(** * Surjectivity *)

(* The coefficient of [m'] (x) [m] in (pi (x) pi) Delta z. *)
Definition sym_coproj_count (z m' m : word) : int :=
  \sum_(t <- splits z) (perm_eq t.1 m' && perm_eq t.2 m)%:R.

Lemma perm_sym_coproj_count z z' m' m :
  perm_eq z z' -> sym_coproj_count z m' m = sym_coproj_count z' m' m.
Proof.
apply: perm_sum_splits => u v u' v' uu' vv' /=.
by rewrite (permPl uu') (permPl vv').
Qed.

Lemma sum_coproj_count_comp y (U : seq word) v m m' : uniq U ->
  {in splits y, forall s, s.1 \in U} ->
  \sum_(u <- U) coproj_count y u m * coproj_count u v m' =
  \sum_(s <- splits y) (s.1 == v)%:R * sym_coproj_count s.2 m' m.
Proof.
move=> uU yU; transitivity
  (\sum_(s <- splits y) (perm_eq s.2 m)%:R * coproj_count s.1 v m').
  under eq_bigr do rewrite coproj_countE mulr_suml.
  rewrite exchange_big; apply: eq_big_seq => s ys.
  rewrite -(sum_delta_supported (H := fun u =>
    (perm_eq s.2 m)%:R * coproj_count u v m') uU) => [|_]; last exact: yU.
  by apply: eq_bigr => u _; rewrite mulrA -natrM mulnb eq_sym.
transitivity (\sum_(s <- splits y) \sum_(t <- splits s.1)
    ((t.1 == v) && perm_eq t.2 m' && perm_eq s.2 m)%:R : int).
  apply: eq_bigr => s _; rewrite coproj_countE mulr_sumr; apply: eq_bigr => t _.
  by rewrite -natrM mulnb andbC.
rewrite (sum_splits_coassoc y (fun t1 t2 s2 =>
    ((t1 == v) && perm_eq t2 m' && perm_eq s2 m)%:R : int)).
apply: eq_bigr => s _; rewrite /sym_coproj_count mulr_sumr; apply: eq_bigr => t _.
by rewrite -natrM mulnb andbA.
Qed.

Section LeadingTerm.
Variables (a : word -> int) (S : seq word).
Hypothesis a_supp : supported a S.
(* p : nat -> nat lists (0-based) the positions of the d balls of z, increasingly. *)
Definition balls_at (z : nat -> bool) (d : nat) (p : nat -> nat) : Prop :=
  [/\ forall i, (i.+1 < d)%N -> (p i < p i.+1)%N,
      (1 <= p 0)%N &
      forall k, (1 <= k)%N -> z k = [exists i : 'I_d, p i == k]].

(* i-th gap (1 <= i <= d-1): W^i = zeta^{(i+1)} - zeta^{(i)} - 1,
   paper's ball i+1 being our 0-based ball i. *)
Definition gap (p : nat -> nat) (i : nat) : nat := (p i - p i.-1 - 1)%N.

(* Initial positions: first ball at a >= 1, gaps x_1, ..., x_{d-1}. *)
Definition init_pos (a : nat) (x : nat -> nat) (i : nat) : nat :=
  (a + i + \sum_(1 <= m < i.+1) x m)%N.

Definition config_of (d : nat) (p : nat -> nat) (k : nat) : bool :=
  [exists i : 'I_d, p i == k].

(* One coin per ball (ball i at position p i); coins at empty sites are never used. *)
Definition coin_of (d : nat) (p : nat -> nat) (w : {ffun 'I_d -> bool}) (k : nat) : bool :=
  [forall i : 'I_d, (p i == k) ==> w i].

Definition coin_prob (R : nzRingType) (d : nat) (eps : R) (w : {ffun 'I_d -> bool}) : R :=
  \prod_(i < d) (if w i then 1 - eps else eps).

Definition tridiag (R : nzRingType) (r : nat) (a b c : R) : 'M[R]_r :=
  \matrix_(i < r, j < r)
    (if i == j then b
     else if (i : nat) == j.+1 then a
     else if (j : nat) == i.+1 then c else 0).

Definition R_PT (R : nzRingType) (d : nat) : 'M[R]_(d.-1) := tridiag d.-1 (-1) 1 0.
(* Let $(Z,Z_{ac})$ be an accretive matrix-ordered vector space and let $V=\operatorname{span}_{\mathbb{C}}Z_{sa}^1$. Then for each $n$: (i) $\operatorname{span}_{\mathbb{C}}Z_{sa}^n=M_n(V)$, and there exists a unique conjugate-linear involution $*$ on $M_n(V)$ such that $z^*=z$ for every $z\in Z_{sa}^n$; (ii) if $z=[z_{kl}]\in M_n(V)$ then $z^*=[z_{lk}^*]$ (the transpose of the entrywise adjoint, with $*$ on $V=M_1(V)$ from (i)); (iii) for $z\in M_n(V)$, $z\in Z_{ac}^n$ if and only if $\operatorname{Re}(z):=\frac12(z+z^* )\in Z_+^n$; (iv) each $Z_+^n$ is proper, i.e. $Z_+^n\cap-Z_+^n=\{0\}$.
   Context: For a complex vector space $Z$, $M_n(Z)$ is the $n\times n$ matrices over $Z$. A cone is a set $C$ with $C+C\subseteq C$, $tC\subseteq C$ ($t\ge0$); a matrix cone is a sequence of cones $C_n\subseteq M_n(Z)$ with $X^*C_nX\subseteq C_k$ for all scalar $X\in M_{n,k}$; it is $\mathbb{C}$-proper if $C_1\cap-C_1\cap iC_1\cap-iC_1=\{0\}$, and then $(Z,Z_{ac})$, $Z_{ac}=\{Z_{ac}^n\}$, is an accretive matrix-ordered vector space. Set $Z_{sa}^n=iZ_{ac}^n\cap-iZ_{ac}^n$ and $Z_+^n=Z_{sa}^n\cap Z_{ac}^n$. *)

From HB Require Import structures.
From mathcomp Require Import all_boot all_order all_algebra.
Set Implicit Arguments. Unset Strict Implicit. Unset Printing Implicit Defensive.
Import Order.TTheory GRing.Theory Num.Theory.
Local Open Scope ring_scope.

Section Defs.
Variables (K : numClosedFieldType) (Z : lmodType K).

Definition mscale m n (a : K) (z : 'M[Z]_(m, n)) : 'M[Z]_(m, n) := map_mx ( *:%R a) z.

Definition scset n (a : K) (S : 'M[Z]_n -> Prop) : 'M[Z]_n -> Prop :=
  fun z => exists w, S w /\ z = mscale a w.

Definition is_cone n (S : 'M[Z]_n -> Prop) : Prop :=
  (forall x y, S x -> S y -> S (x + y)) /\
  (forall (t : K) x, 0 <= t -> S x -> S (mscale t x)).

(* X^* z X for a scalar matrix X in M_{n,k} and z in M_n(Z) *)
Definition cmul n k (X : 'M[K]_(n, k)) (z : 'M[Z]_n) : 'M[Z]_k :=
  \matrix_(i < k, j < k) \sum_(p < n) \sum_(q < n) (((X p i)^* * X q j) *: z p q).

Definition is_matrix_cone (C : forall n, 'M[Z]_n -> Prop) : Prop :=
  (forall n, (0 < n)%N -> is_cone (C n)) /\
  (forall n k (X : 'M[K]_(n, k)) z, (0 < n)%N -> (0 < k)%N ->
     C n z -> C k (cmul X z)).

Definition C_proper (C : forall n, 'M[Z]_n -> Prop) : Prop :=
  forall z, C 1%N z -> scset (-1) (C 1%N) z -> scset 'i (C 1%N) z ->
            scset (- 'i) (C 1%N) z -> z = 0.

Definition accretive_mos (Zac : forall n, 'M[Z]_n -> Prop) : Prop :=
  is_matrix_cone Zac /\ C_proper Zac.

Definition Zsa (Zac : forall n, 'M[Z]_n -> Prop) n : 'M[Z]_n -> Prop :=
  fun z => scset 'i (Zac n) z /\ scset (- 'i) (Zac n) z.

Definition Zplus (Zac : forall n, 'M[Z]_n -> Prop) n : 'M[Z]_n -> Prop :=
  fun z => Zsa Zac z /\ Zac n z.

Definition cspan n (S : 'M[Z]_n -> Prop) : 'M[Z]_n -> Prop :=
  fun z => exists s : seq (K * 'M[Z]_n),
    (forall p, p \in s -> S p.2) /\ z = \sum_(p <- s) mscale p.1 p.2.

(* V = span Z_sa^1, viewed inside Z = M_1(Z) *)
Definition Vsp (Zac : forall n, 'M[Z]_n -> Prop) : Z -> Prop :=
  fun v => cspan (Zsa Zac (n := 1%N)) (const_mx v).

Definition MnV (Zac : forall n, 'M[Z]_n -> Prop) n : 'M[Z]_n -> Prop :=
  fun z => forall i j, Vsp Zac (z i j).

Definition is_star (Zac : forall n, 'M[Z]_n -> Prop) n (f : 'M[Z]_n -> 'M[Z]_n) : Prop :=
  [/\ (forall z, MnV Zac z -> MnV Zac (f z)),
      (forall (a : K) z w, MnV Zac z -> MnV Zac w -> f (mscale a z + w) = mscale a^* (f z) + f w),
      (forall z, MnV Zac z -> f (f z) = z)
    & (forall z, Zsa Zac z -> f z = z)].

Definition vadj (g : 'M[Z]_1 -> 'M[Z]_1) (v : Z) : Z := g (const_mx v) ord0 ord0.

Definition mxRe n (f : 'M[Z]_n -> 'M[Z]_n) (z : 'M[Z]_n) : 'M[Z]_n :=
  mscale 2^-1 (z + f z).

End Defs.

From HB Require Import structures.
From mathcomp Require Import all_boot all_order all_algebra.
From mathcomp Require Import ring.
From Stdlib Require Import ClassicalEpsilon.
Import Order.TTheory GRing.Theory Num.Theory.
Local Open Scope ring_scope.
Set Implicit Arguments. Unset Strict Implicit.
Lemma shannon_weight_integral d a b : a <= - (2 * PI) -> 2 * PI <= b ->
  has_integral (fun xi => Rpower (Rabs xi) (-2 * d) * Cnorm2 (psih xi)) a b
    (2 * g (- 2 * d)).
Proof.
  intros Ha Hb. pose proof PI_bounds.
  set (F := fun xi => Rpower (Rabs xi) (-2 * d) * Cnorm2 (psih xi)).
  assert (Hout : forall t, ~ (PI <= Rabs t <= 2 * PI) -> F t = 0).
  { intros t Ht. unfold F. rewrite shannon_outside; auto. ring. }
  set (P := power_primitive (-2 * d)).
  replace (2 * g (-2 * d)) with
    (0 + ((P PI - P (2 * PI)) / -1 + (0 + ((P (2 * PI) - P PI) / 1 + 0))))
    by (rewrite g_primitive; unfold P; field).
  apply has_integral_chasles with (- (2 * PI)).
  { apply has_integral_zero_inside; [lra|]. intros t Ht. apply Hout.
    unfold Rabs; destruct (Rcase_abs t); lra. }
  apply has_integral_chasles with (- PI).
  { apply (has_integral_affine_power _ _ (-1) 0); intros; try lra.
    assert (PI <= Rabs t <= 2 * PI) by (unfold Rabs; destruct (Rcase_abs t); lra).
    unfold F. rewrite shannon_band, Rabs_left, Rmult_1_r by lra. f_equal; ring. }
  apply has_integral_chasles with PI.
  { apply has_integral_zero_inside; [lra|]. intros t Ht. apply Hout.
    unfold Rabs; destruct (Rcase_abs t); lra. }
  apply has_integral_chasles with (2 * PI).
  { apply (has_integral_affine_power _ _ 1 0); intros; try lra.
    assert (PI <= Rabs t <= 2 * PI) by (unfold Rabs; destruct (Rcase_abs t); lra).
    unfold F. rewrite shannon_band, Rabs_right, Rmult_1_r by lra. f_equal; ring. }
  apply has_integral_zero_inside; [lra|]. intros t Ht. apply Hout.
  unfold Rabs; destruct (Rcase_abs t); lra.
Qed.
(* Write n = r_V and C = c (n + 2).  Since d_V = 0, the coefficients factor as
   alpha2 i k = K r_i (r_k (C - mu_i - mu_k) + [i = k] (C - 2 mu_i)), the rows of
   alpha2 sum to alpha1, alpha1 sums to alpha0 and beta1 sums to beta0.  Thanks to these
   row sums, Ffrak(c) = alpha0 <beta1, e> / (e_1 - e_0) for every e annihilated by the
   row alpha1 and the rows alpha2 i, i >= 2, as long as e_1 <> e_0; and A is invertible
   as soon as every such e with e_0 = e_1 vanishes.
   Such an e is described by its defect
     G(e)_k = (C - mu_k) E - F + (C - 2 mu_k) e_k,   E = sum r e,  F = sum r mu e,
   which must be supported on {0, 1} with zero r-weighted sum.  The map G is injective:
   the moments (E, F) of a vector with given defect solve a 2x2 linear system whose
   determinant is positive precisely because mu_k < c.  So these e form a line, spanned
   by an explicit vector with e_1 > e_0 whose moments are proportional to mu_1 - mu_0;
   evaluating <beta1, e> on it gives Ffrak(c) = (mu_0 - mu_1) Phi with Phi > 0, the sign
   of the constant term coming from g >= 1. *)

Definition dot (R : pzSemiRingType) (l : nat) (v e : nat -> R) : R :=
  \sum_(k < l.+1) v k * e k.

Lemma dot_shift (R : comPzRingType) l (v e : nat -> R) x :
  dot l v (fun k => e k - x) = dot l v e - (\sum_(k < l.+1) v k) * x.
Proof. by rewrite /dot mulr_suml -sumrB; apply: eq_bigr => k _; rewrite mulrBr. Qed.

Lemma dot_subr_scale (R : comPzRingType) l (v e f : nat -> R) s :
  dot l v (fun k => f k - s * e k) = dot l v f - s * dot l v e.
Proof. by rewrite /dot mulr_sumr -sumrB; apply: eq_bigr => k _; ring. Qed.

Lemma eq_dot (R : pzSemiRingType) l (v e f : nat -> R) :
  (forall k, (k <= l)%N -> e k = f k) -> dot l v e = dot l v f.
Proof. by move=> ef; apply: eq_bigr => k _; rewrite (ef _ (ltn_ord k)). Qed.

Lemma dotr0 (R : pzSemiRingType) l (v : nat -> R) : dot l v (fun _ => 0) = 0.
Proof. by rewrite /dot big1 // => k _; rewrite mulr0. Qed.

Lemma dot_delta (R : pzSemiRingType) l i (e : nat -> R) : (i <= l)%N ->
  dot l (fun k => (i == k)%:R) e = e i.
Proof.
move=> lei; rewrite /dot; under eq_bigr do rewrite mulr_natl mulrb eq_sym.
by rewrite -big_mkcond big_ord1_eq ltnS lei.
Qed.

Lemma sum_ord_gt0 (R : numDomainType) l (f : nat -> R) :
  (forall k, (k <= l)%N -> 0 < f k) -> 0 < \sum_(k < l.+1) f k.
Proof.
move=> f_gt0; rewrite big_ord_recl ltr_pwDl ?f_gt0 //.
by apply: sumr_ge0 => k _; apply/ltW/f_gt0; exact: (ltn_ord (lift ord0 k)).
Qed.

Lemma dot_supp01 (R : pzSemiRingType) l (v e : nat -> R) : (0 < l)%N ->
  (forall k, (1 < k)%N -> (k <= l)%N -> e k = 0) ->
  dot l v e = v 0%N * e 0%N + v 1%N * e 1%N.
Proof.
case: l => // l _ e0; rewrite /dot 2!big_ord_recl big1 ?addr0 //= => k _.
by rewrite e0 ?mulr0 // /bump !leq0n // !add1n ltnS ltn_ord.
Qed.

Lemma dotr1 (R : pzSemiRingType) l (v : nat -> R) :
  dot l v (fun _ => 1) = \sum_(k < l.+1) v k.
Proof. by apply: eq_bigr => k _; rewrite mulr1. Qed.

Lemma big_ord_recl2 (V : nmodType) m (h : nat -> V) :
  \sum_(k < m.+3) h k = h 0%N + h 1%N + \sum_(j < m.+1) h j.+2.
Proof. by rewrite 2!big_ord_recl addrA. Qed.

Section SchurComplement.
Variables (F : fieldType) (m : nat) (a2 : nat -> nat -> F) (a1 b1 : nat -> F)
  (a0 b0 : F).
Local Notation l := m.+2.

Definition schur_entry (i k : nat) : F := a2 i k - a1 i * a1 k / a0.

Definition schur_mx : 'M[F]_m.+1 := \matrix_(i, j) schur_entry i.+2 j.+2.

(* [Ffrak l r d g c] unfolds to this form for the paper's coefficients, with l = m + 2. *)
Definition schur_form : F :=
  (a0 * b1 1%N - a1 1%N * b0)
  - \sum_(j < m.+1) \sum_(s < m.+1)
      invmx schur_mx s j * (a0 * b1 s.+2 - a1 s.+2 * b0)
        * (a2 j.+2 1%N - a1 1%N * a1 j.+2 / a0).

Definition bordered_kernel (e : nat -> F) : Prop :=
  (forall i : 'I_m.+1, dot l (a2 i.+2) e = 0) /\ dot l a1 e = 0.

Hypotheses (a0_neq0 : a0 != 0)
  (sum_a2 : forall i : 'I_m.+1, \sum_(k < l.+1) a2 i.+2 k = a1 i.+2)
  (sum_a1 : \sum_(k < l.+1) a1 k = a0)
  (sum_b1 : \sum_(k < l.+1) b1 k = b0).

Lemma dot_schur_entry (i : 'I_m.+1) (e : nat -> F) :
  dot l (schur_entry i.+2) e = dot l (a2 i.+2) e - a1 i.+2 / a0 * dot l a1 e.
Proof.
by rewrite /dot mulr_sumr -sumrB; apply: eq_bigr => k _; rewrite /schur_entry; ring.
Qed.

Lemma sum_schur_entry (i : 'I_m.+1) : \sum_(k < l.+1) schur_entry i.+2 k = 0.
Proof. by rewrite -dotr1 dot_schur_entry !dotr1 sum_a2 sum_a1 mulfVK // subrr. Qed.

Lemma schur_row_tail (i : 'I_m.+1) (h : nat -> F) :
  \sum_(j < m.+1) schur_entry i.+2 j.+2 * h j.+2
  = dot l (schur_entry i.+2) h
    - schur_entry i.+2 0%N * h 0%N - schur_entry i.+2 1%N * h 1%N.
Proof.
by rewrite /dot (big_ord_recl2 _ (fun k => schur_entry i.+2 k * h k)); ring.
Qed.

Lemma schur_mx_bordered_kernel (e : nat -> F) : bordered_kernel e ->
  schur_mx *m \col_j (e j.+2 - e 0%N)
  = - (e 1%N - e 0%N) *: \col_j (a2 j.+2 1%N - a1 1%N * a1 j.+2 / a0).
Proof.
move=> [ea2 ea1]; apply/matrixP => i k; rewrite ord1 !mxE.
under eq_bigr => j _ do rewrite !mxE.
have /= -> := schur_row_tail i (fun k => e k - e 0%N).
by rewrite dot_shift sum_schur_entry dot_schur_entry ea2 ea1 /schur_entry; ring.
Qed.

Lemma schur_mx_unit :
  (forall f, bordered_kernel f -> f 0%N = f 1%N -> forall k, (k <= l)%N -> f k = 0) ->
  schur_mx \in unitmx.
Proof.
move=> bordered_kernel0; rewrite unitmxE unitfE -det_tr.
apply/negP => /det0P [v /negP v_neq0 v_ker]; apply: v_neq0.
pose g k : F := if k is j.+2 then v 0 (inord j) else 0.
have g_tail (j : 'I_m.+1) : g j.+2 = v 0 j by rewrite /g inord_val.
pose tau := dot l a1 g / a0.
have f_bal : bordered_kernel (fun k => g k - tau).
  split=> [i|]; rewrite dot_shift; last by rewrite sum_a1 /tau mulrC divfK ?subrr.
  rewrite sum_a2 /tau mulrA mulrAC -dot_schur_entry.
  have := schur_row_tail i g; rewrite [g 0%N]/= [g 1%N]/= !mulr0 !subr0 => <-.
  have := congr1 (fun M : 'rV_m.+1 => M 0 i) v_ker; rewrite !mxE => vA.
  by rewrite -[RHS]vA; apply: eq_bigr => j _; rewrite !mxE mulrC g_tail.
have f0 := bordered_kernel0 _ f_bal erefl.
have tau0 : tau = 0.
  by have := f0 0%N isT; rewrite sub0r => /eqP; rewrite oppr_eq0 => /eqP.
apply/eqP/rowP => j; rewrite !mxE -g_tail.
by have := f0 j.+2 (ltn_ord j); rewrite tau0 subr0.
Qed.

Lemma schur_formE (e : nat -> F) :
  bordered_kernel e -> e 1%N != e 0%N -> schur_mx \in unitmx ->
  schur_form = a0 * dot l b1 e / (e 1%N - e 0%N).
Proof.
move=> e_bal e10 A_unit; set t := e 1%N - e 0%N.
have t_neq0 : t != 0 by rewrite subr_eq0.
have inv_col : invmx schur_mx *m \col_j (a2 j.+2 1%N - a1 1%N * a1 j.+2 / a0)
    = - t^-1 *: \col_j (e j.+2 - e 0%N).
  rewrite -[X in invmx _ *m X]scale1r -[1](mulVf t_neq0) -mulrNN -scalerA.
  by rewrite -schur_mx_bordered_kernel // -scalemxAr mulKmx.
pose beta k := a0 * b1 k - a1 k * b0.
have dot_beta : dot l beta (fun k => e k - e 0%N) = a0 * dot l b1 e.
  have -> : dot l beta (fun k => e k - e 0%N) =
      a0 * dot l b1 (fun k => e k - e 0%N) - b0 * dot l a1 (fun k => e k - e 0%N).
    by rewrite /dot !mulr_sumr -sumrB; apply: eq_bigr => k _; rewrite /beta; ring.
  by rewrite !dot_shift sum_b1 sum_a1 e_bal.2; ring.
have row_s (s : 'I_m.+1) :
    \sum_(j < m.+1) invmx schur_mx s j * beta s.+2 * (a2 j.+2 1%N - a1 1%N * a1 j.+2 / a0)
    = beta s.+2 * (- t^-1 * (e s.+2 - e 0%N)).
  have := congr1 (fun M : 'cV_m.+1 => M s 0) inv_col; rewrite !mxE => <-.
  by rewrite mulr_sumr; apply: eq_bigr => j _; rewrite !mxE; ring.
rewrite /schur_form exchange_big /=; under eq_bigr => s _ do rewrite row_s.
under eq_bigr do rewrite mulrCA; rewrite -mulr_sumr.
move: dot_beta; rewrite /dot (big_ord_recl2 _ (fun k => beta k * (e k - e 0%N))).
rewrite subrr mulr0 add0r -/t => /(canRL (addKr _)) ->.
by rewrite /beta; field.
Qed.

End SchurComplement.

Section Defect.
Variables (R : realFieldType) (l : nat) (w mu : nat -> R) (c : R).
Hypotheses (l_gt0 : (0 < l)%N) (w_gt0 : forall k, (k <= l)%N -> 0 < w k)
  (dot_w_mu : dot l w mu = 0) (mu_lt_c : forall k, (k <= l)%N -> mu k < c).

Definition mass : R := \sum_(k < l.+1) w k.

Let C := c * (mass + 2).
Let a k := C - 2 * mu k.
Let wmu k := w k * mu k.
Let wa k := w k / a k.
Let wmua k := w k * mu k / a k.
Let S0 := \sum_(k < l.+1) wa k.
Let S1 := \sum_(k < l.+1) wmua k.
(* Twice the determinant of the linear system satisfied by the moments of a profile
   (dot_w_profile, dot_wmu_profile). *)
Let D := (1 + mass) * 2 - mass * S1.

(* For the paper's coefficients, [dot l (alpha2 i) e = K * w i * defect e i] (dot_alpha2). *)
Definition defect (e : nat -> R) k : R :=
  (C - mu k) * dot l w e - dot l wmu e + a k * e k.

(* Solves [defect e k = g k] for [e k], given the moments [E] and [F] of [e]. *)
Definition profile (E F : R) (g : nat -> R) k : R := (F - (C - mu k) * E + g k) / a k.

Lemma mass_gt0 : 0 < mass.
Proof. exact: sum_ord_gt0 w_gt0. Qed.

Lemma c_gt0 : 0 < c.
Proof.
have : 0 < \sum_(k < l.+1) w k * (c - mu k).
  apply: (@sum_ord_gt0 _ _ (fun k => w k * (c - mu k))) => k lek.
  by rewrite mulr_gt0 ?w_gt0 ?subr_gt0 ?mu_lt_c.
under eq_bigr do rewrite mulrBr; rewrite sumrB -mulr_suml.
by rewrite -/(dot l w mu) dot_w_mu subr0 pmulr_rgt0 // mass_gt0.
Qed.

Lemma a_gt0 k : (k <= l)%N -> 0 < a k.
Proof.
move=> lek; have := mu_lt_c lek; have := mulr_gt0 c_gt0 mass_gt0.
rewrite /a /C; lra.
Qed.

Lemma a_neq0 k : (k <= l)%N -> a k != 0.
Proof. by move=> lek; rewrite gt_eqF ?a_gt0. Qed.

Lemma C_S0 : C * S0 = mass + 2 * S1.
Proof.
rewrite /mass /S0 /S1 mulr_sumr mulr_sumr -big_split /=.
apply: eq_bigr => k _; have := a_neq0 (ltn_ord k).
by rewrite /wa /wmua /a => ak_neq0; field.
Qed.

Lemma C_gt0 : 0 < C.
Proof. by rewrite /C mulr_gt0 ?c_gt0 // addr_gt0 ?mass_gt0. Qed.

Lemma C_neq0 : C != 0.
Proof. by rewrite gt_eqF ?C_gt0. Qed.

Lemma S0E : S0 = (mass + 2 * S1) / C.
Proof. by rewrite -C_S0 mulrC mulKf ?C_neq0. Qed.

Lemma mass_S1_le : mass * S1 <= mass.
Proof.
rewrite /mass /S1 mulr_sumr; apply: ler_sum => k _.
have lek : (k <= l)%N := ltn_ord k.
rewrite -/mass (_ : _ * wmua k = w k * (mass * mu k / a k)); last by rewrite /wmua; ring.
rewrite -[leRHS]mulr1 ler_pM2l ?w_gt0 // ler_pdivrMr ?a_gt0 // mul1r /a /C.
have := mu_lt_c lek; have := mass_gt0; nra.
Qed.

Lemma D_gt0 : 0 < D.
Proof. by have := mass_S1_le; have := mass_gt0; rewrite /D; lra. Qed.

Lemma D_neq0 : D != 0.
Proof. by rewrite gt_eqF ?D_gt0. Qed.

Lemma defect_profile e k : (k <= l)%N ->
  e k = profile (dot l w e) (dot l wmu e) (defect e) k.
Proof. by move=> lek; have := a_neq0 lek; rewrite /profile /defect => ak; field. Qed.

Lemma dot_w_profile E F g :
  dot l w (profile E F g) = F * S0 - E * (mass + S1) + dot l wa g.
Proof.
transitivity (\sum_(k < l.+1)
    (F * wa k - E / 2 * w k - E / 2 * (C * wa k) + wa k * g k)).
  apply: eq_bigr => k _; have := a_neq0 (ltn_ord k).
  by rewrite /profile /wa /a => ak; field.
rewrite !big_split /= !sumrN -!mulr_sumr -/S0 -/mass -/(dot l wa g).
by rewrite C_S0; field.
Qed.

Lemma dot_wmu_profile E F g :
  dot l wmu (profile E F g) = F * S1 - E * C * S1 / 2 + dot l wmua g.
Proof.
transitivity (\sum_(k < l.+1)
    (F * wmua k - E / 2 * wmu k - E / 2 * (C * wmua k) + wmua k * g k)).
  apply: eq_bigr => k _; have := a_neq0 (ltn_ord k).
  by rewrite /profile /wmu /wmua /a => ak; field.
rewrite !big_split /= !sumrN -!mulr_sumr -/S1 -/(dot l w mu) -/(dot l wmua g).
by rewrite dot_w_mu; field.
Qed.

● ● ● ●

What is expected: Within the listing above, extract exactly the lines from the line with "determinant is positive" to the line with "Proof. by rewrite /dot mulr_suml", the two named lines included, and no others.

Exercise response:
   determinant is positive precisely because mu_k < c.  So these e form a line, spanned
   by an explicit vector with e_1 > e_0 whose moments are proportional to mu_1 - mu_0;
   evaluating <beta1, e> on it gives Ffrak(c) = (mu_0 - mu_1) Phi with Phi > 0, the sign
   of the constant term coming from g >= 1. *)

Definition dot (R : pzSemiRingType) (l : nat) (v e : nat -> R) : R :=
  \sum_(k < l.+1) v k * e k.

Lemma dot_shift (R : comPzRingType) l (v e : nat -> R) x :
  dot l v (fun k => e k - x) = dot l v e - (\sum_(k < l.+1) v k) * x.
Proof. by rewrite /dot mulr_suml -sumrB; apply: eq_bigr => k _; rewrite mulrBr. Qed.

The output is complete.